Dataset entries

(* Let $\alpha\ge1$, let $B\le B_a$ be positive integers, let $\ell,I$ be integers with $0\le\ell\le B_a$ and $I\ge\ell$, and let $(w_k)_{k\le I}$ be reals with $w_k=0$ for $k\le0$ and $0\le w_1\le\cdots\le w_I$. With $\phi_i,\psi_i,\Omega$ as in the context, let $\Psi:=\sum_{i=I-\ell+1}^{I}\psi_i$ and $$\tau:=1+\frac{1}{E^{\alpha}-1}\cdot\frac{1}{\alpha_B}\left(E^{\alpha}-\frac{E^{\alpha}-1}{\alpha_{B_a}}\right).$$ Then $$\sum_{i=I-B_a+1}^{I-\ell}\phi_i w_i+\sum_{i=I-\ell+1}^{I}\psi_i w_i+w_{I-B_a}\,\Omega\ \le\ M\sum_{i=I-B_a+1}^{I}w_i,$$ where $M:=\max\{\tau,\Psi/\ell\}$ if $\ell\ge1$ and $M:=\tau$ if $\ell=0$.
   Context: Notation: $E:=(1+1/B_a)^{B_a}$, $c:=\frac{E^{\alpha/B_a}-1}{E^{\alpha}-1}$, $e_B:=(1+1/B)^B$, $\alpha_B:=B(e_B^{\alpha/B}-1)$, $\alpha_{B_a}:=B_a(E^{\alpha/B_a}-1)$. The coefficients are $\phi_i:=(B_a-\ell)\,c\,E^{\alpha(I-i)/B_a}+\frac{1}{\alpha_B}\cdot\frac{E^{\alpha}-E^{\alpha(I-\ell-i)/B_a}}{E^{\alpha}-1}$, $\psi_i:=1+(B_a-\ell)\,c\,E^{\alpha(I-i)/B_a}$, and $\Omega:=\frac{1}{\alpha_B}\cdot\frac{1}{E^{\alpha}-1}\left(\ell E^{\alpha}-\frac{E^{\alpha}-E^{\alpha(B_a-\ell)/B_a}}{E^{\alpha/B_a}-1}\right)$. *)

From Stdlib Require Import Reals ZArith List.
Open Scope R_scope.

(* sumZ a b f = \sum_{i=a}^{b} f i over integers (empty, = 0, if b < a). *)
Definition sumZ (a b : Z) (f : Z -> R) : R :=
  fold_right Rplus 0
    (map (fun j : nat => f (a + Z.of_nat j)%Z) (seq 0 (Z.to_nat (b - a + 1)))).

Definition eB (B : nat) : R := (1 + 1 / INR B) ^ B.
Definition EE (Ba : nat) : R := eB Ba.

Definition alphaB (alpha : R) (B : nat) : R :=
  INR B * (Rpower (eB B) (alpha / INR B) - 1).

Definition cc (alpha : R) (Ba : nat) : R :=
  (Rpower (EE Ba) (alpha / INR Ba) - 1) / (Rpower (EE Ba) alpha - 1).

Definition phi (alpha : R) (B Ba l : nat) (I i : Z) : R :=
  (INR Ba - INR l) * cc alpha Ba * Rpower (EE Ba) (alpha * IZR (I - i) / INR Ba)
  + (1 / alphaB alpha B) *
    ((Rpower (EE Ba) alpha
      - Rpower (EE Ba) (alpha * IZR (I - Z.of_nat l - i) / INR Ba))
     / (Rpower (EE Ba) alpha - 1)).

Definition psi (alpha : R) (Ba l : nat) (I i : Z) : R :=
  1 + (INR Ba - INR l) * cc alpha Ba * Rpower (EE Ba) (alpha * IZR (I - i) / INR Ba).

Definition Omega (alpha : R) (B Ba l : nat) : R :=
  (1 / alphaB alpha B) * (1 / (Rpower (EE Ba) alpha - 1)) *
  (INR l * Rpower (EE Ba) alpha
   - (Rpower (EE Ba) alpha - Rpower (EE Ba) (alpha * (INR Ba - INR l) / INR Ba))
     / (Rpower (EE Ba) (alpha / INR Ba) - 1)).

Definition tau (alpha : R) (B Ba : nat) : R :=
  1 + (1 / (Rpower (EE Ba) alpha - 1)) * (1 / alphaB alpha B) *
      (Rpower (EE Ba) alpha - (Rpower (EE Ba) alpha - 1) / alphaB alpha Ba).

Definition Psi (alpha : R) (Ba l : nat) (I : Z) : R :=
  sumZ (I - Z.of_nat l + 1) I (psi alpha Ba l I).

Definition Mconst (alpha : R) (B Ba l : nat) (I : Z) : R :=
  match l with
  | O => tau alpha B Ba
  | _ => Rmax (tau alpha B Ba) (Psi alpha Ba l I / INR l)
  end.

From Stdlib Require Import Reals ZArith List Lra Lia Psatz.
Open Scope R_scope.

(* Write q := E^(alpha/Ba) > 1, so that every power of E occurring in phi,
   psi, Omega and tau is an integral power of q, and read the sums downwards
   from index I: with v_j := w_(I-j) (nonincreasing in j, nonnegative) the
   left-hand side becomes  sum_(j<Ba) a_j v_j + Omega v_Ba,  where a_j = psi
   for j < l and a_j = phi afterwards, and the right-hand side is
   M sum_(j<Ba) v_j.  By summation by parts (abel_bound) it suffices that
   every partial sum a_0 + ... + a_(n-1) is at most M n and that the full sum
   plus Omega is at most M Ba.  The latter is an exact identity: the full sum
   plus Omega equals tau Ba (coef_total).  For the psi-block the partial sums
   are controlled by the average Psi/l of the increasing psi's; on the
   phi-block the phi's are affine in q^k, so they either increase (and the
   total bound controls all prefixes) or each stays below tau. *)

Fixpoint psum (f : nat -> R) (n : nat) : R :=
  match n with O => 0 | S k => psum f k + f k end.

Lemma psum_ext (f g : nat -> R) (n : nat) :
  (forall j, (j < n)%nat -> f j = g j) -> psum f n = psum g n.
Proof.
  induction n as [|n IH]; intros Hfg; simpl; auto.
  rewrite IH, Hfg; auto.
Qed.

Lemma psum_shift (h : nat -> R) (n : nat) :
  psum h (S n) = h O + psum (fun j => h (S j)) n.
Proof. induction n as [|n IH]; simpl in *; lra. Qed.

Lemma psum_add_range (h : nat -> R) (p k : nat) :
  psum h (p + k) = psum h p + psum (fun j => h (p + j)%nat) k.
Proof.
  induction k as [|k IH]; simpl.
  - rewrite Nat.add_0_r; lra.
  - rewrite Nat.add_succ_r; simpl. rewrite IH. lra.
Qed.

Lemma psum_affine (f : nat -> R) (x y : R) (n : nat) :
  psum (fun j => x * f j + y) n = x * psum f n + y * INR n.
Proof.
  induction n as [|n IH]; simpl psum; [simpl; lra|].
  rewrite IH, S_INR. lra.
Qed.

Lemma psum_le_const (h : nat -> R) (C : R) (n : nat) :
  (forall j, (j < n)%nat -> h j <= C) -> psum h n <= C * INR n.
Proof.
  induction n as [|n IH]; intros Hh; simpl psum; [simpl; lra|].
  rewrite S_INR.
  assert (h n <= C) by (apply Hh; lia).
  assert (psum h n <= C * INR n) by (apply IH; intros; apply Hh; lia).
  lra.
Qed.

Lemma psum_rev (h : nat -> R) (n : nat) :
  psum h n = psum (fun j => h (n - 1 - j)%nat) n.
Proof.
  induction n as [|n IH]; auto.
  rewrite (psum_shift (fun j => h (S n - 1 - j)%nat)). simpl psum at 1. rewrite IH.
  replace (S n - 1 - 0)%nat with n by lia. rewrite Rplus_comm. f_equal.
  apply psum_ext. intros; f_equal; lia.
Qed.

Lemma psum_geom (q : R) (n : nat) : q <> 1 -> psum (pow q) n = (q ^ n - 1) / (q - 1).
Proof.
  intros Hq. induction n as [|n IH]; simpl psum; [simpl; field; lra|].
  rewrite IH. simpl pow. field. lra.
Qed.

Lemma fold_right_psum (g : nat -> R) (s n : nat) :
  fold_right Rplus 0 (map g (seq s n)) = psum (fun j => g (s + j)%nat) n.
Proof.
  revert s; induction n as [|n IH]; intros s; auto.
  simpl seq; simpl map; simpl fold_right. rewrite psum_shift, IH, Nat.add_0_r. f_equal.
  apply psum_ext. intros; f_equal; lia.
Qed.

Lemma sumZ_as_psum (a b : Z) (f : Z -> R) (n : nat) : (b - a + 1 = Z.of_nat n)%Z ->
  sumZ a b f = psum (fun j => f (b - Z.of_nat j)%Z) n.
Proof.
  intros Hn. unfold sumZ. rewrite Hn, Nat2Z.id, fold_right_psum, psum_rev.
  apply psum_ext. intros j Hj. f_equal. lia.
Qed.

Lemma psum_avg (h : nat -> R) (n L : nat) :
  Un_growing h -> (n <= L)%nat -> INR L * psum h n <= INR n * psum h L.
Proof.
  intros Hh HnL. replace L with (n + (L - n))%nat by lia. generalize (L - n)%nat as k.
  clear L HnL. induction k as [|k IH]; [rewrite Nat.add_0_r; lra|].
  rewrite Nat.add_succ_r. simpl psum. rewrite S_INR.
  assert (psum h n <= h (n + k)%nat * INR n).
  { apply psum_le_const. intros j Hj. apply Rge_le, growing_prop; auto; lia. }
  nra.
Qed.

Lemma growing_prefix_nonpos (h : nat -> R) (D : R) (n N : nat) :
  Un_growing h -> (n <= N)%nat -> D <= 0 -> D + psum h N <= 0 -> D + psum h n <= 0.
Proof.
  intros Hh HnN HD HDN.
  pose proof (psum_avg h n N Hh HnN) as Havg.
  assert (HnR : INR n <= INR N) by (apply le_INR; auto).
  assert (0 <= INR n) by apply pos_INR.
  destruct (Nat.eq_dec N 0) as [->|HN0].
  - replace n with O by lia. simpl. lra.
  - assert (0 < INR N) by (apply lt_0_INR; lia). nra.
Qed.

Corollary growing_prefix_bound (h : nat -> R) (C : R) (n N : nat) :
  Un_growing h -> (n <= N)%nat -> psum h N <= C * INR N -> psum h n <= C * INR n.
Proof.
  intros Hh HnN HN.
  assert (Hshift : forall k, psum (fun j => 1 * h j + - C) k = psum h k - C * INR k)
    by (intros k; rewrite psum_affine; ring).
  pose proof (growing_prefix_nonpos (fun j => 1 * h j + - C) 0 n N) as Hp.
  rewrite !Hshift in Hp.
  enough (0 + (psum h n - C * INR n) <= 0) by lra.
  apply Hp; auto; try lra.
  intros j. pose proof (Hh j). lra.
Qed.

(* Summation by parts: weighting a sequence whose partial sums are at most M per
   term by a nonincreasing nonnegative weight v keeps the bound; a final
   surplus O on the last partial sum is paid with the last weight v m. *)
Lemma abel_bound (a v : nat -> R) (M O : R) (m : nat) :
  Un_decreasing v -> 0 <= v m ->
  (forall n, (n <= m)%nat -> psum a n <= M * INR n) -> psum a m + O <= M * INR m ->
  psum (fun j => a j * v j) m + O * v m <= M * psum v m.
Proof.
  intros Hv Hvm Hpart Htot.
  assert (Hinv : forall n, (n <= m)%nat ->
    psum (fun j => a j * v j) n - M * psum v n <= (psum a n - M * INR n) * v n).
  { induction n as [|n IH]; intros Hn; [simpl; lra|].
    simpl psum. rewrite S_INR.
    specialize (IH ltac:(lia)). specialize (Hpart (S n) Hn). simpl psum in Hpart.
    rewrite S_INR in Hpart. specialize (Hv n). nra. }
  specialize (Hinv m (le_n _)). nra.
Qed.

(* The coefficient sequence over an abstract ratio q > 1, with m = Ba terms of
   which the first l are psi's, and Kb = 1/alpha_B.  Indices count downwards
   from I: psi_seq j is psi_(I-j) and phi_seq k is phi_(I-l-k).  The hypothesis
   m (q - 1) >= 1 is alpha_(Ba) >= 1. *)
Section Coefficients.

Variables (m l : nat) (q Kb : R).
Hypothesis Hlm : (l <= m)%nat.
Hypothesis Hq : 1 < q.
Hypothesis HKb : 0 < Kb <= 1.
Hypothesis Hmq : 1 <= INR m * (q - 1).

▶ [PROBLEM DESCRIPTION] What you give back should be exactly the lines of the data above from the line with "assert (psum h n <= C" through the line with "assert (psum h n <= h (n + k)%nat * INR n).", both of those included, and nothing more.

▶ [THE COMPLETED TASK]
  assert (psum h n <= C * INR n) by (apply IH; intros; apply Hh; lia).
  lra.
Qed.

Lemma psum_rev (h : nat -> R) (n : nat) :
  psum h n = psum (fun j => h (n - 1 - j)%nat) n.
Proof.
  induction n as [|n IH]; auto.
  rewrite (psum_shift (fun j => h (S n - 1 - j)%nat)). simpl psum at 1. rewrite IH.
  replace (S n - 1 - 0)%nat with n by lia. rewrite Rplus_comm. f_equal.
  apply psum_ext. intros; f_equal; lia.
Qed.

Lemma psum_geom (q : R) (n : nat) : q <> 1 -> psum (pow q) n = (q ^ n - 1) / (q - 1).
Proof.
  intros Hq. induction n as [|n IH]; simpl psum; [simpl; field; lra|].
  rewrite IH. simpl pow. field. lra.
Qed.

Lemma fold_right_psum (g : nat -> R) (s n : nat) :
  fold_right Rplus 0 (map g (seq s n)) = psum (fun j => g (s + j)%nat) n.
Proof.
  revert s; induction n as [|n IH]; intros s; auto.
  simpl seq; simpl map; simpl fold_right. rewrite psum_shift, IH, Nat.add_0_r. f_equal.
  apply psum_ext. intros; f_equal; lia.
Qed.

Lemma sumZ_as_psum (a b : Z) (f : Z -> R) (n : nat) : (b - a + 1 = Z.of_nat n)%Z ->
  sumZ a b f = psum (fun j => f (b - Z.of_nat j)%Z) n.
Proof.
  intros Hn. unfold sumZ. rewrite Hn, Nat2Z.id, fold_right_psum, psum_rev.
  apply psum_ext. intros j Hj. f_equal. lia.
Qed.

Lemma psum_avg (h : nat -> R) (n L : nat) :
  Un_growing h -> (n <= L)%nat -> INR L * psum h n <= INR n * psum h L.
Proof.
  intros Hh HnL. replace L with (n + (L - n))%nat by lia. generalize (L - n)%nat as k.
  clear L HnL. induction k as [|k IH]; [rewrite Nat.add_0_r; lra|].
  rewrite Nat.add_succ_r. simpl psum. rewrite S_INR.
  assert (psum h n <= h (n + k)%nat * INR n).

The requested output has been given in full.